◆ **PROBLEM TO SOLVE**
Which lines run from the start of the data below to the line containing "Definition hyperplane (H"? Set them down exactly, with none added.

◆ **THE INPUT**
++++++++

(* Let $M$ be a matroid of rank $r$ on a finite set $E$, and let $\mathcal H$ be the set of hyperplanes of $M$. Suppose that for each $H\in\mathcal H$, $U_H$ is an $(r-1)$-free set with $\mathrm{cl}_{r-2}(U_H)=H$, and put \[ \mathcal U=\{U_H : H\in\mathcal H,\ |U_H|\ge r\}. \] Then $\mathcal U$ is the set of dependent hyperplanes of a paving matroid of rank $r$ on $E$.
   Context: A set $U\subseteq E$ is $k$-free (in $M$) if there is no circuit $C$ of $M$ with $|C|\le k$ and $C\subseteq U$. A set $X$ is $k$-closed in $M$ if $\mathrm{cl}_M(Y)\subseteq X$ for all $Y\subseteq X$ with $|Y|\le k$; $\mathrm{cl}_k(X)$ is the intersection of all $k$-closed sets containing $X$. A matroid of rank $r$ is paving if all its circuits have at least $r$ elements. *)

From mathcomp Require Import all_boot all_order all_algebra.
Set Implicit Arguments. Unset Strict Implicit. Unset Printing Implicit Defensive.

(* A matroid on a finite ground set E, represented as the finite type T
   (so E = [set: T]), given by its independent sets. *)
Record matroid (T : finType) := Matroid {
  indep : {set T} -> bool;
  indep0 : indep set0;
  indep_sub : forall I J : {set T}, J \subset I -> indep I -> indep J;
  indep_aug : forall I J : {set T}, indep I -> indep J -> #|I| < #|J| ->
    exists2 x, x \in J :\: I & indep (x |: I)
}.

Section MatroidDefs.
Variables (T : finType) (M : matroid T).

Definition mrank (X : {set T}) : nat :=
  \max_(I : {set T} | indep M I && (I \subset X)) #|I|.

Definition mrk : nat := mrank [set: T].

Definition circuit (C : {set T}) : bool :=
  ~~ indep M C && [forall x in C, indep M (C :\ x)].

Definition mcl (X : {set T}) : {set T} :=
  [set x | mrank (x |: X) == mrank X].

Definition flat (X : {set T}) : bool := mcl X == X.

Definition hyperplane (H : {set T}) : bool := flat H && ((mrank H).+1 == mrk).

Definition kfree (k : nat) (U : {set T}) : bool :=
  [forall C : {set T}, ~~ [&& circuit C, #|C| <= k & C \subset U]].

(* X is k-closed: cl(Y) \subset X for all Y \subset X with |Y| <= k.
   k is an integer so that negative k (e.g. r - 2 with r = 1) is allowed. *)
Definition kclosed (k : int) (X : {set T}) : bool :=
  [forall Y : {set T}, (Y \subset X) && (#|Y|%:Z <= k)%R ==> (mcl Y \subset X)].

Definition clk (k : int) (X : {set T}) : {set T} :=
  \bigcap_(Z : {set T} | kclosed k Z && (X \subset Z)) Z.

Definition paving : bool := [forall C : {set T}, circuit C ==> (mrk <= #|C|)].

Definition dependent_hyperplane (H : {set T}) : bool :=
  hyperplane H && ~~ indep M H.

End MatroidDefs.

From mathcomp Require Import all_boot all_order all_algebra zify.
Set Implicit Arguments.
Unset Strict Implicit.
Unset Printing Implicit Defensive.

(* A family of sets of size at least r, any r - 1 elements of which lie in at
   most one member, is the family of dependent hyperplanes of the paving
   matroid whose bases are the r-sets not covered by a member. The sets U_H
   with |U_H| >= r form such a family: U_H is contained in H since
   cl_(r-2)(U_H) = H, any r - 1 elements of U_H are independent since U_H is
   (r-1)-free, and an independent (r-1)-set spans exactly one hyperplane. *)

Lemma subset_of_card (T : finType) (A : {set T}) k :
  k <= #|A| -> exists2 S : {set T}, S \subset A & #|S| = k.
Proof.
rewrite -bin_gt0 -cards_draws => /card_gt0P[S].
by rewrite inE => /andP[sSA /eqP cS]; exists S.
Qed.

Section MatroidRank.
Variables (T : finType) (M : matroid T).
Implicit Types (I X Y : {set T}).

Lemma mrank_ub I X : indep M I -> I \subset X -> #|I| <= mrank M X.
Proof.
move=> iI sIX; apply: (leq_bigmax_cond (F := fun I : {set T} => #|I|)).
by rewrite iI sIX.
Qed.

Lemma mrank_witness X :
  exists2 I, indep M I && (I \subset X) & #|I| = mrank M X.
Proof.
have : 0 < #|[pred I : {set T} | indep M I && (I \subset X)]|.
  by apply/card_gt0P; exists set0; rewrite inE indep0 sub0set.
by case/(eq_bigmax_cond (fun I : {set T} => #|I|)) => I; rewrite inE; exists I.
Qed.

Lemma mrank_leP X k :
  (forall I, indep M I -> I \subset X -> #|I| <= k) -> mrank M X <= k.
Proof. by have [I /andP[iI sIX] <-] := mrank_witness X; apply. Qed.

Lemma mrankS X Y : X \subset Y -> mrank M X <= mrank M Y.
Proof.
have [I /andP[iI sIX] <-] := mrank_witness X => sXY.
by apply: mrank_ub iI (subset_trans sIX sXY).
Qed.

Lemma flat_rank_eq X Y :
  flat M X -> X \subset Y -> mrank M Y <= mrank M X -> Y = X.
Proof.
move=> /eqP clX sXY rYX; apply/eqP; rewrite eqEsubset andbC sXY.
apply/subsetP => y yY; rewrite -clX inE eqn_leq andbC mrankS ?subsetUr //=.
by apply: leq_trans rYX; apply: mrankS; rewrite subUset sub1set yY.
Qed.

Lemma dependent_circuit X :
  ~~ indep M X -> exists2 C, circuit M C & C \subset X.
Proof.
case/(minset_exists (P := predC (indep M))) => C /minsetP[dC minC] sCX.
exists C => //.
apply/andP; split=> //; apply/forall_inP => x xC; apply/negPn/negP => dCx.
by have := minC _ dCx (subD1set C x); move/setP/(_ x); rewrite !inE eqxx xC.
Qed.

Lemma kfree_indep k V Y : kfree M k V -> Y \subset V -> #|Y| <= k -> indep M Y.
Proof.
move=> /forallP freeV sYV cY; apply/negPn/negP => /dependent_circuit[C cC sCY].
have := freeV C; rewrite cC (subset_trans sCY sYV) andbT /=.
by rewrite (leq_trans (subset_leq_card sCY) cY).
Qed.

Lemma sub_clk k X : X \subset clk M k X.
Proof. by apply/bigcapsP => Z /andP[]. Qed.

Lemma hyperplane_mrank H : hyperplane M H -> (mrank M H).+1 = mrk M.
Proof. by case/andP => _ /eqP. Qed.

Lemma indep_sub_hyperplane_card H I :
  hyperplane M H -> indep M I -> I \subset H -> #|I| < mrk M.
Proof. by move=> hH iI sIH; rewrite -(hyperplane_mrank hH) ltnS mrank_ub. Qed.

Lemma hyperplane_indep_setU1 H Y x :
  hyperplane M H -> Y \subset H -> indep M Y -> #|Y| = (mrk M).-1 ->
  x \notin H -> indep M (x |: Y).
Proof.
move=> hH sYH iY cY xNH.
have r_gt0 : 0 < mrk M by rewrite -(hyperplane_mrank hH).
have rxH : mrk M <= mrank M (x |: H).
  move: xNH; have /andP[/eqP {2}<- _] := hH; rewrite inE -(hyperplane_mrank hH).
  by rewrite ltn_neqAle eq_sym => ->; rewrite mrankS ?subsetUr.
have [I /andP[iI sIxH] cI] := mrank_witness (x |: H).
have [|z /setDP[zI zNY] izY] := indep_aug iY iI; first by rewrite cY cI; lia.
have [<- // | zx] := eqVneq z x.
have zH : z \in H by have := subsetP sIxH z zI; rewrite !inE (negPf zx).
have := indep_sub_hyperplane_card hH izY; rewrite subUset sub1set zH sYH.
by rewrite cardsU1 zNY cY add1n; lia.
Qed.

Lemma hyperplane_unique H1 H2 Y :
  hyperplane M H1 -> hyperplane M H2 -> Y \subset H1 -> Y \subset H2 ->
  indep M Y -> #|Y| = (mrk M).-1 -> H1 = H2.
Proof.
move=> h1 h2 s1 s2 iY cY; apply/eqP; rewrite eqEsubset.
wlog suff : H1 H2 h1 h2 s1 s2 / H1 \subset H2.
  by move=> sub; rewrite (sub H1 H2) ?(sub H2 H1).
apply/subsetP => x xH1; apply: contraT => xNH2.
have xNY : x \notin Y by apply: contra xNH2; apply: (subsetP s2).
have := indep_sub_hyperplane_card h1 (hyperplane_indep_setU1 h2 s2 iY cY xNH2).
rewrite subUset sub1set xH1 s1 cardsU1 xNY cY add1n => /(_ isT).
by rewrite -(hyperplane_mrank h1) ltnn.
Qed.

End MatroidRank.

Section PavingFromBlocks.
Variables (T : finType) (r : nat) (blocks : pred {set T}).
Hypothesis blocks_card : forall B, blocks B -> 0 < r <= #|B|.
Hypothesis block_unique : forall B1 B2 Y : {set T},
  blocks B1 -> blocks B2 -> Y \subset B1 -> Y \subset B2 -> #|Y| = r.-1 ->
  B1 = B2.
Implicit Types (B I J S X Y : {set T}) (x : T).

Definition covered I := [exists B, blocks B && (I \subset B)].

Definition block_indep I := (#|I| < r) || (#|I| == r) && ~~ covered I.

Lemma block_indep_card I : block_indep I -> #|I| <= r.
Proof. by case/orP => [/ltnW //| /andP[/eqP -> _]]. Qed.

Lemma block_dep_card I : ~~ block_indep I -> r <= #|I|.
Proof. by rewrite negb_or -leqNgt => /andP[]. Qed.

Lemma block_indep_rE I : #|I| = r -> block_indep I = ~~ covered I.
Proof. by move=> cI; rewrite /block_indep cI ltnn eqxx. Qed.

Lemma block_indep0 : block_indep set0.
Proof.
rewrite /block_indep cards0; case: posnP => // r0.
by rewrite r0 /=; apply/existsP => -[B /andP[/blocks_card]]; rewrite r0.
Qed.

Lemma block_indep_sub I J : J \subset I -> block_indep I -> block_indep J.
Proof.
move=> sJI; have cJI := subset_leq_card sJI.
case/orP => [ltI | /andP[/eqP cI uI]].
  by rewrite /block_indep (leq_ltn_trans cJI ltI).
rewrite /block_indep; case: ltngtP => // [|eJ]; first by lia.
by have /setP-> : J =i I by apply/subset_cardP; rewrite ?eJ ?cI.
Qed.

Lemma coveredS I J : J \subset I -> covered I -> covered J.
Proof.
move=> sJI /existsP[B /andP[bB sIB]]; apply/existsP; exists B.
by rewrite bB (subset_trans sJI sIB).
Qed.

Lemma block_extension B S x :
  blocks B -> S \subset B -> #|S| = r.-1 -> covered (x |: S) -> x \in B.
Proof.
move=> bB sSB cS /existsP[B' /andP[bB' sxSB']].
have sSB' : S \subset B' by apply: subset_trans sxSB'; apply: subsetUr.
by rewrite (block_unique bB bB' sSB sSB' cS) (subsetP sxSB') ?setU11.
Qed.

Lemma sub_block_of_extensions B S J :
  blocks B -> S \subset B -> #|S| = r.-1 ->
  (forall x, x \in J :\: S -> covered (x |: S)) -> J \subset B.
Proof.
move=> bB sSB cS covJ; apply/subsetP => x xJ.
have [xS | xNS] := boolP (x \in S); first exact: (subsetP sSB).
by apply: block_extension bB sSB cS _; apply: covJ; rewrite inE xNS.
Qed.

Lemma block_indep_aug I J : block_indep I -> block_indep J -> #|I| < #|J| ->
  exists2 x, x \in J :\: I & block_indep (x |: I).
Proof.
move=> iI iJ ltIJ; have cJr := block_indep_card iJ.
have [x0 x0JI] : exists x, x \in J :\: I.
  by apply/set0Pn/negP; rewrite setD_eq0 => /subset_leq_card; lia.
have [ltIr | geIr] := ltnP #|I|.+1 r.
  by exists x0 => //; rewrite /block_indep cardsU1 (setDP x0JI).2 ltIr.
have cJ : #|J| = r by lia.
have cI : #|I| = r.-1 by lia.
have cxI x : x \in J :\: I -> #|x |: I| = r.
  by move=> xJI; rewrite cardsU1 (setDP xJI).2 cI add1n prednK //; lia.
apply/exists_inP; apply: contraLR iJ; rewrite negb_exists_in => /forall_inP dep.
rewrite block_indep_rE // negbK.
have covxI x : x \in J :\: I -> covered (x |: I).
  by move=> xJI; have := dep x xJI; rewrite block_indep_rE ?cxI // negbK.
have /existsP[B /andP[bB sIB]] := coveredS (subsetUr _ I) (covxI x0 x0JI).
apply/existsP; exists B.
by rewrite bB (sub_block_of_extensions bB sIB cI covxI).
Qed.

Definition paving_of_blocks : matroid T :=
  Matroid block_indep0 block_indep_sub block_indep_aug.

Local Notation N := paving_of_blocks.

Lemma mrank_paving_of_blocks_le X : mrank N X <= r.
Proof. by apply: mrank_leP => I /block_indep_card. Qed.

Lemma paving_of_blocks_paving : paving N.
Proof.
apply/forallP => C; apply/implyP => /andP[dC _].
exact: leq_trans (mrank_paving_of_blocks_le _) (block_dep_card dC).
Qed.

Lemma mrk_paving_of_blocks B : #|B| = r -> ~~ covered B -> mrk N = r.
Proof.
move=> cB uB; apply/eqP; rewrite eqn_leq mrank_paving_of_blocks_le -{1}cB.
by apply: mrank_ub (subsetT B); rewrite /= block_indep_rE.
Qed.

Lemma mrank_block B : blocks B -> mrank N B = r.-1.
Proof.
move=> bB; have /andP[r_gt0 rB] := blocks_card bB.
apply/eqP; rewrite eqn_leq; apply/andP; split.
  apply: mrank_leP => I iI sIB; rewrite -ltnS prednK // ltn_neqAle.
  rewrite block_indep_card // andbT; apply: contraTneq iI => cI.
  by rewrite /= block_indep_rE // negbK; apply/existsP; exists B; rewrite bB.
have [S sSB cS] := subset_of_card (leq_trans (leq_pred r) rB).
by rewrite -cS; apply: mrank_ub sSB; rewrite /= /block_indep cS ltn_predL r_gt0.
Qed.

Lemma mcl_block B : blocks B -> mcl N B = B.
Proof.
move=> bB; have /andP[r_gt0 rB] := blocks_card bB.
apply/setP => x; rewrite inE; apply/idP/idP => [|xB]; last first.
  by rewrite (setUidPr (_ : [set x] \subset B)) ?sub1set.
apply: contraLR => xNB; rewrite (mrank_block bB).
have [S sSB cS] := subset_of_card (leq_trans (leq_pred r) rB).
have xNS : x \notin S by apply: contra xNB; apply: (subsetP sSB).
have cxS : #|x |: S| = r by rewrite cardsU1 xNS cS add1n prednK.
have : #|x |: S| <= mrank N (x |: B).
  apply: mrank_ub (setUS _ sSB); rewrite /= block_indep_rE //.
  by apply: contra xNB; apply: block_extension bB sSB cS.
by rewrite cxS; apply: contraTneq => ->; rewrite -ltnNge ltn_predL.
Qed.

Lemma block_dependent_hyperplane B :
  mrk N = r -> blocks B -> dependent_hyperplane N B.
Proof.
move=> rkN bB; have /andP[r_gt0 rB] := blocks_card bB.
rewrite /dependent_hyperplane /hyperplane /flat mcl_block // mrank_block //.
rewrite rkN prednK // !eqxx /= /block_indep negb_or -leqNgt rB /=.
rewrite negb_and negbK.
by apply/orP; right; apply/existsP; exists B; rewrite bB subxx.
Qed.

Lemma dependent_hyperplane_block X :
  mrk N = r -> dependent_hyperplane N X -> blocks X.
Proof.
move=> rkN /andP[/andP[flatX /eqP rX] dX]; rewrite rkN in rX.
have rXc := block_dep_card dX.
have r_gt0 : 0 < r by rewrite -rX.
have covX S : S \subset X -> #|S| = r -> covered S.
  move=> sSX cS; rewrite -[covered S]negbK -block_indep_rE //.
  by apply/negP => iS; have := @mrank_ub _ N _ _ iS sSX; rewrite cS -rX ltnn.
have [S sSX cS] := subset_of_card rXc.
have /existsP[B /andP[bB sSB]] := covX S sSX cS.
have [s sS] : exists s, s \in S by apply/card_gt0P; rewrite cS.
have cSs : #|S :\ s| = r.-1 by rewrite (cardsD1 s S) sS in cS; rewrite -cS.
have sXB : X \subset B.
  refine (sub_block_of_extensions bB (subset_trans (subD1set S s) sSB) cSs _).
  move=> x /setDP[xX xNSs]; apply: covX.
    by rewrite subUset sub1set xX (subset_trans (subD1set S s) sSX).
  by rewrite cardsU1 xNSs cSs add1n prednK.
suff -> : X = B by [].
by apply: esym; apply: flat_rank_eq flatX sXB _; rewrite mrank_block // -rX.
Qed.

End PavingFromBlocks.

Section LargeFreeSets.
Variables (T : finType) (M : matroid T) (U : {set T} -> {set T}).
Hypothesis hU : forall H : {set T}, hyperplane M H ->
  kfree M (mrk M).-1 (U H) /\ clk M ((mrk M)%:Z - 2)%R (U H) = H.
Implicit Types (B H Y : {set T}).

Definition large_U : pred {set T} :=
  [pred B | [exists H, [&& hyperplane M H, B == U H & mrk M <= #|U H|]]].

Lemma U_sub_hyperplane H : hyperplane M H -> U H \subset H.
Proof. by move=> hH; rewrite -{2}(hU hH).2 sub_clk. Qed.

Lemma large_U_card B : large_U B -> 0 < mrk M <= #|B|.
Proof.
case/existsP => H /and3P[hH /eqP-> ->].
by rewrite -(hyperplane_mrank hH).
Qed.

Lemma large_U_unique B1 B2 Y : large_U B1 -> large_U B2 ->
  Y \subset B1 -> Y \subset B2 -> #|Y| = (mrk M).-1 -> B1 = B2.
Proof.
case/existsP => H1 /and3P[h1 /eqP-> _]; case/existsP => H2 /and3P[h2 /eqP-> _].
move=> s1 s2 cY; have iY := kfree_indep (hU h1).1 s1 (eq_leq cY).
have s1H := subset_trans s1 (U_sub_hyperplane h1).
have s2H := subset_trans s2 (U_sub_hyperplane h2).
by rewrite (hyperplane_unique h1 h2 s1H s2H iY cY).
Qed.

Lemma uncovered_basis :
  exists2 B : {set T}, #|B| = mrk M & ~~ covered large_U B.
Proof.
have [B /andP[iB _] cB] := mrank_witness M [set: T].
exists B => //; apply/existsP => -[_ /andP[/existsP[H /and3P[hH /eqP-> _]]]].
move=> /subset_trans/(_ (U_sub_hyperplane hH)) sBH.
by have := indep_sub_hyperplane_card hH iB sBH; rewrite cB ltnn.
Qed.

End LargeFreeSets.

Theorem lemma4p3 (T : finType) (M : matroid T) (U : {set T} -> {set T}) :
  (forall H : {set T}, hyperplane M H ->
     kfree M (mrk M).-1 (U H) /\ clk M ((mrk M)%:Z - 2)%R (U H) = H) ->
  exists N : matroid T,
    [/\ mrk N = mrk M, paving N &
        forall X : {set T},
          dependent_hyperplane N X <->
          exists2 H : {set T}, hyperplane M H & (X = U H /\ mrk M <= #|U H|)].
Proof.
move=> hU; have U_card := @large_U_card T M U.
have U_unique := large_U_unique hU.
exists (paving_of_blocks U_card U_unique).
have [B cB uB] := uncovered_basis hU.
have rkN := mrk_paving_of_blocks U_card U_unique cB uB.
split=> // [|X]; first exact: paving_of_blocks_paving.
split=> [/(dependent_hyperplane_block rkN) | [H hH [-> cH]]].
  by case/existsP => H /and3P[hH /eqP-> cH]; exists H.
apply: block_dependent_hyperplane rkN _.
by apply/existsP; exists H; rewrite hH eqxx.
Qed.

++++++++

◆ **RESPONSE FOR THIS EXERCISE**
(* Let $M$ be a matroid of rank $r$ on a finite set $E$, and let $\mathcal H$ be the set of hyperplanes of $M$. Suppose that for each $H\in\mathcal H$, $U_H$ is an $(r-1)$-free set with $\mathrm{cl}_{r-2}(U_H)=H$, and put \[ \mathcal U=\{U_H : H\in\mathcal H,\ |U_H|\ge r\}. \] Then $\mathcal U$ is the set of dependent hyperplanes of a paving matroid of rank $r$ on $E$.
   Context: A set $U\subseteq E$ is $k$-free (in $M$) if there is no circuit $C$ of $M$ with $|C|\le k$ and $C\subseteq U$. A set $X$ is $k$-closed in $M$ if $\mathrm{cl}_M(Y)\subseteq X$ for all $Y\subseteq X$ with $|Y|\le k$; $\mathrm{cl}_k(X)$ is the intersection of all $k$-closed sets containing $X$. A matroid of rank $r$ is paving if all its circuits have at least $r$ elements. *)

From mathcomp Require Import all_boot all_order all_algebra.
Set Implicit Arguments. Unset Strict Implicit. Unset Printing Implicit Defensive.

(* A matroid on a finite ground set E, represented as the finite type T
   (so E = [set: T]), given by its independent sets. *)
Record matroid (T : finType) := Matroid {
  indep : {set T} -> bool;
  indep0 : indep set0;
  indep_sub : forall I J : {set T}, J \subset I -> indep I -> indep J;
  indep_aug : forall I J : {set T}, indep I -> indep J -> #|I| < #|J| ->
    exists2 x, x \in J :\: I & indep (x |: I)
}.

Section MatroidDefs.
Variables (T : finType) (M : matroid T).

Definition mrank (X : {set T}) : nat :=
  \max_(I : {set T} | indep M I && (I \subset X)) #|I|.

Definition mrk : nat := mrank [set: T].

Definition circuit (C : {set T}) : bool :=
  ~~ indep M C && [forall x in C, indep M (C :\ x)].

Definition mcl (X : {set T}) : {set T} :=
  [set x | mrank (x |: X) == mrank X].

Definition flat (X : {set T}) : bool := mcl X == X.

Definition hyperplane (H : {set T}) : bool := flat H && ((mrank H).+1 == mrk).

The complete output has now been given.